В этом ключе портрет Марселя Пруста работы Жака Эмиля Бланша (1892) – не исключение. Но поскольку он выдержан в строгих тёмных тонах, а со стилем выражения Марселя Пруста я немножко знакома, то портрет становится как бы пульсирующим, потому что сила, заключённая в творчестве Марселя Пруста, так и рвётся наружу, но сдерживается искусственно. Мы видим только спокойную вершину его айсберга, внутри которого просто-таки кипит напряжённая жизнь. А на портрете – маска, остановленная жизнь, через которую прорываются обострённая чувствительность, тонкость восприятия и сложность внутреннего мира писателя, и от того, сколько мне видится всего в его портрете, вырастает чувство трагичности его бытия, и для меня очень много значит, что получилось это понять и распознать. Возможно, и получится когда-нибудь вплотную изучить жизнь и творчество этого интереснейшего для меня человека, Марселя Пруста. А художник Бланш, похоже, очень хороший психолог, если донёс до нас его образ, который очень не прост и с которым, возможно, у меня есть что-то общее (в характере).

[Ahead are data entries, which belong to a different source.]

(* Let $n\ge2$, let $X\subset\mathbb{R}^n$ be finite with the Euclidean metric $d$, let $k\in\mathbb{N}$, $Y\subset X$ and $\epsilon>0$. If $p,q\in J(Y,\epsilon)$, then $\rho^{F(Y,\epsilon)}(p,q)=\rho^Y(p,q)$.
   Context: DBSCAN$^*$: for $Y\subset X$, $\mathcal{C}(Y,\epsilon)=\{p\in Y:|\{y\in Y:d(p,y)\le\epsilon\}|>k\}$ (core points), $\mathcal{N}(Y,\epsilon)=Y\setminus\mathcal{C}(Y,\epsilon)$ (noise points), and $\mathcal{D}^*(Y,\epsilon)$ is the set of vertex sets of the connected components of the graph with vertex set $\mathcal{C}(Y,\epsilon)$ and an edge between distinct $p,q$ whenever $d(p,q)\le\epsilon$. Reachability: for $Z\subset X$ and $p\in Z$, $\operatorname{core}^Z_k(p)$ is the distance from $p$ to a $k$-th nearest neighbour of $p$ in $Z$ (the $k$-th smallest value of $d(p,z)$, $z\in Z\setminus\{p\}$, counted with multiplicity), and $\rho^Z(p,q)=\max\{\operatorname{core}^Z_k(p),\operatorname{core}^Z_k(q),d(p,q)\}$ for $p\ne q$, $\rho^Z(p,p)=0$. Cubes: $\mathcal{Q}=\mathcal{Q}(\epsilon)$ is the collection of closed cubes $\{x\in\mathbb{R}^n: j_i\frac{\epsilon}{2\sqrt n}\le x_i\le (j_i+1)\frac{\epsilon}{2\sqrt n}\}$, $j\in\mathbb{Z}^n$; $S^m=\{x:\max_i|x_i-s_i|\le m\frac{\epsilon}{2\sqrt n}\text{ for some }s\in S\}$; $\mathcal{I}(B)=\{S\in\mathcal{Q}:S\cap B\neq\emptyset\}$. For $A\subset X$, $S\in\mathcal{I}(A)$ is an interior cube of $A$ if $S^1\cap X\subset A$ and every $T\in\mathcal{Q}$ with $T\subset S^1$ lies in $\mathcal{I}(A)$, otherwise a boundary cube; $\partial A$ is the union of boundary cubes. For $Z\subset\mathbb{R}^n$ and integer $N\ge0$, $Z^N=\bigcup_{S\in\mathcal{I}(Z)}S^N$ and $Z^N_C=Z^N\cap C$. $\mathfrak{n}$, $\mathfrak{m}$ are the smallest integers with $\mathfrak{n}\ge\sqrt n-1$, $\mathfrak{m}\ge2\sqrt n$, and $\mathfrak{N}=\mathfrak{n}+\mathfrak{m}$. Define $J(Y,\epsilon)=\bigcup_{C\in\mathcal{D}^*(Y,\epsilon)}(\partial C)^{\mathfrak{n}}_C\cup\mathcal{N}(Y,\epsilon)$ and $F(Y,\epsilon)=\bigcup_{C\in\mathcal{D}^*(Y,\epsilon)}(\partial C)^{\mathfrak{N}}_C\cup\mathcal{N}(Y,\epsilon)$, with cubes taken in $\mathcal{Q}(\epsilon)$. *)

From HB Require Import structures.
From mathcomp Require Import all_boot all_order all_algebra.
From mathcomp Require Import finmap.
From mathcomp Require Import boolp classical_sets reals.
Set Implicit Arguments. Unset Strict Implicit. Unset Printing Implicit Defensive.
Import Order.TTheory GRing.Theory Num.Theory.
Local Open Scope ring_scope.
Local Open Scope fset_scope.

Section Defs.
Context {R : realType} {n : nat}.
Local Notation V := 'rV[R]_n.

Definition edist (x y : V) : R := Num.sqrt (\sum_(i < n) (x ord0 i - y ord0 i) ^+ 2).

Definition core_pts (k : nat) (eps : R) (Y : {fset V}) : {fset V} :=
  [fset p in Y | (k < #|` [fset y in Y | (edist p y <= eps)%R]|)%N].
Definition noise_pts (k : nat) (eps : R) (Y : {fset V}) : {fset V} :=
  Y `\` core_pts k eps Y.
Definition reach (eps : R) (A : {fset V}) (p q : V) : Prop :=
  p \in A /\ exists s : seq V,
    [/\ path (fun a b => edist a b <= eps) p s, last p s = q & all (fun x => x \in A) s].
(* C is (the vertex set of) a connected component of the graph on C(Y,eps): C in D*(Y,eps) *)
Definition dbscan_comp (k : nat) (eps : R) (Y C : {fset V}) : Prop :=
  exists2 p, p \in core_pts k eps Y &
    C = [fset q in core_pts k eps Y | `[< reach eps (core_pts k eps Y) p q >]].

У Альфреда Сислея в картине «Мост Море» (1893) меня поразила открытость людям, трогательная, несколько беззащитная, такая, что захотелось укрыть картину, чтобы не осудили в наш век практичности. Тут, как мне кажется, свежесть красок, которая обычно присуща детскому мировосприятию. Почти безоблачное небо, каменный мостик с арочными опорами, ведущий в квартал жилых домов с черепичными крышами, и удивительно верно схвачено впечатление воды – тёплой и свежей одновременно, с отражающимися в ней домами, освещёнными солнцем, с тенями на воде под арками моста, с зарослями прибрежной травы и игрой света в хорошо ощутимом течении на мелководье. Тут для меня настоящая идиллия безмятежности, созерцание удивительной гармонии природного и построенного руками человека. Много солнца, но оно именно тёплое, но не сжигающее. И достигается поразительное ощущение равновесия, которого мне так часто не хватает. Дорога, уводящая по мосту к домам – настоящее приглашение посетить этот удивительный провинциальный тихий городок с медленно, неторопливо текущей жизнью, она возвращает меня, как ни странно, к себе, призывает быть собой, жить в собственном ритме, будит воображение, и оказывается легко представить себе жителей этого маленького городка, возвращающих меня к уютной синтонности привычного домашнего уклада, к душевному теплу и здоровью. Я думаю: как много может отражать вода – не себя, а то, что происходит вокруг неё, то, мимо чего она течёт; здания, деревья, мосты, люди отражаются в ней, и колышутся растущие по колено в воде травы. Меняется ли вода от того, что отражает, или остаётся неизменной? Мне чувствуется, что она становится теплее и душевнее, оставаясь свежей, и потому картина Альфреда Сислея «Мост Море», на мой взгляд, отогревает уставшие замёрзшие души, возвращая их к позитивному, радостному восприятию жизни и мира вообще, и, по нашим временам, это большая редкость и тем более ценна таким качеством.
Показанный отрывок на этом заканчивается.